Search code examples
mahout

how to improve memory usage when using GenericItemSimilarity in mahout(taste)


As we known, in genericItemSimilarity similarity between item1 and item2 is precomputed.

when we use GenericItemBasedRecommender to get recommendation,the recommender need datamodel and similarity in memory at the same time.According to the genericItemSimilarity,it offers a construction like this

  public GenericItemSimilarity(ItemSimilarity otherSimilarity, DataModel dataModel) throws TasteException {
        long[] itemIDs = GenericUserSimilarity.longIteratorToList(dataModel.getItemIDs());
        initSimilarityMaps(new DataModelSimilaritiesIterator(otherSimilarity, itemIDs));
  }

just use dataModel to generate Similarity Maps in time .

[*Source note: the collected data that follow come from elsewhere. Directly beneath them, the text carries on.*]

Lemma avRn_count_rec R n : ~ R [::] ->
  avRn_count R n.+1 = avRn_count R n + \sum_(i < n) avR_count R i.+1 * avRn_count R (n - i).
Proof.
move=> nR; rewrite {1}/avRn_count (@count_split_by _ _ (index n.+1) _ n.+1).
  rewrite big_ord_recl avRn_count_max_first //; congr (_ + _).
  by apply: eq_bigr => i _; rewrite lift0 avRn_count_max_at.
by move=> x; rewrite mem_permutations => /perm_iota1P[_ sx mx]; rewrite -{2}sx index_mem mx leqnn.
Qed.

Section Series.
Variable K : fieldType.
Import GRing.Theory.
Local Open Scope ring_scope.

Definition trunc (a : nat -> K) n : {poly K} := \poly_(i < n.+1) a i.

Lemma coef_trunc (a : nat -> K) n i : (i <= n)%N -> (trunc a n)`_i = a i.
Proof. by move=> hi; rewrite coef_poly ltnS hi. Qed.

Lemma smul_coefM (a b : nat -> K) n (p q : {poly K}) :
  (forall i, (i <= n)%N -> p`_i = a i) -> (forall i, (i <= n)%N -> q`_i = b i) ->
  smul a b n = (p * q)`_n.
Proof.
move=> hp hq; rewrite coefM /smul; apply: eq_bigr => i _.
by rewrite hp ?hq ?leq_subr // -ltnS.
Qed.

Lemma smulA (a b c : nat -> K) : smul (smul a b) c = smul a (smul b c).
Proof.
apply/funext=> n; have tr d i : (i <= n)%N -> (trunc d n)`_i = d i := @coef_trunc d n i.
have trM d e i : (i <= n)%N -> (trunc d n * trunc e n)`_i = smul d e i.
  by move=> hi; rewrite (@smul_coefM _ _ i (trunc d n) (trunc e n)) // => j hj;
    rewrite tr // (leq_trans hj hi).
by rewrite (smul_coefM (trM a b) (tr c)) (smul_coefM (tr a) (trM b c)) mulrA.
Qed.

Lemma smulBl (a b c : nat -> K) : smul (ssub a b) c = ssub (smul a c) (smul b c).
Proof. by apply/funext=> n; rewrite /smul /ssub -sumrB; apply: eq_bigr => i _; rewrite mulrBl. Qed.

Lemma smul1l (e : nat -> K) : smul (scst 1) e = e.
Proof.
apply/funext=> n; rewrite (@smul_coefM _ e n 1 (trunc e n)) ?mul1r ?coef_trunc //.
  by move=> [|i] _; rewrite coef1.
exact: coef_trunc.
Qed.

Lemma smulX (e : nat -> K) n : smul (sX K) e n = if n is m.+1 then e m else 0.
Proof.
rewrite (@smul_coefM _ e n 'X (trunc e n)) ?coefXM => [|i _|i]; last exact: coef_trunc.
  by case: n => //= m; rewrite coef_trunc.
by rewrite coefX /sX; case: (i == 1)%N.
Qed.

(* With E = (B - 1) / x, the recurrence reads E = B + x F E where F = (A - 1) / x;
   together with B = 1 + x E this gives ((1 - x) - x F) E = 1. *)
Lemma gf_of_recurrence (a b : nat -> nat) (f g ginv : nat -> K) :
  b 0 = 1%N -> (forall n, b n.+1 = b n + \sum_(i < n) a i.+1 * b (n - i))%N ->
  smul g ginv = scst 1 -> sgf K a = sadd (scst 1) (smul (sX K) (smul f ginv)) ->
  exists dinv, smul (ssub (smul (ssub (scst 1) (sX K)) g) (smul (sX K) f)) dinv = scst 1 /\
    sgf K b = sadd (scst 1) (smul (sX K) (smul g dinv)).
Proof.
move=> b0 b_rec hg hA; set E : nat -> K := fun n => (b n.+1)%:R; set F := smul f ginv.
have F_a i : F i = (a i.+1)%:R.
  by have := congr1 (fun h => h i.+1) hA; rewrite /sgf /sadd smulX add0r => ->.
have B_E : sgf K b = sadd (scst 1) (smul (sX K) E).
  by apply/funext=> -[|n]; rewrite /sgf /sadd smulX ?b0 ?addr0 ?add0r.
have E_rec : E = sadd (sgf K b) (smul (sX K) (smul F E)).
  apply/funext=> n; rewrite /E /sadd /sgf smulX b_rec natrD; congr (_ + _).
  case: n => [|m]; first by rewrite big_ord0.
  rewrite natr_sum; apply: eq_bigr => i _; rewrite natrM F_a /E subSn //.
  by rewrite -ltnS.
exists (smul ginv E); split.
  rewrite smulBl !smulA -(smulA g ginv E) hg smul1l -(smulA f ginv E) -/F smulBl smul1l.
  apply/funext=> n; have := congr1 (fun h => h n) E_rec; have := congr1 (fun h => h n) B_E.
  by rewrite /ssub /sadd => eB eE; rewrite {1}eE eB; ring.
by rewrite -(smulA g ginv E) hg smul1l.
Qed.

End Series.

Theorem mainTheorem6 (K : fieldType) (R : seq nat -> Prop)
  (f g ginv : nat -> K) :
  (exists s, R s) ->
  (forall s, R s -> is_perm s) ->
  smul g ginv = scst (1 : K) ->
  sgf K (av_count (pats_1243_2143 R))
    = sadd (scst 1) (smul (sX K) (smul f ginv)) ->
  exists dinv : nat -> K,
    smul (ssub (smul (ssub (scst 1) (sX K)) g) (smul (sX K) f)) dinv = scst 1 /\
    sgf K (av_count (pats_1243_2143 (appendMax R)))
      = sadd (scst 1) (smul (sX K) (smul g dinv)).
Proof.
move=> _ permR hg hA.
rewrite (_ : av_count _ = avR_count R) in hA; last exact/funext/av_count_avR.
rewrite (_ : av_count _ = avRn_count R); last by apply/funext => n; apply: av_count_avRn.
have nR : ~ R [::].
  move=> /avR_count0 R0; have := congr1 (fun h => h 0%N) hA.
  by rewrite /sgf /sadd smulX GRing.addr0 R0 => /esym/eqP; rewrite GRing.oner_eq0.
apply: gf_of_recurrence hg hA; first exact: avRn_count0.
by move=> n; apply: avRn_count_rec.
Qed.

Is it necessary to store the similarity maps to Db/file ?

I find mahout 0.7 have a class named FileItemItemSimilarityIterator can be helpful to read similarity maps from file.

is the FileItemItemSimilarityIterator or AbstractJDBCInMemoryItemSimilarity(mahout 0.5) redundancy or helpless.


Solution

  • You don't have to put the similarities in memory at all if they can be re-computed quickly on the fly.

    If not, I suggest you simply prune similarities that have small absolute value. These affect the computation the least.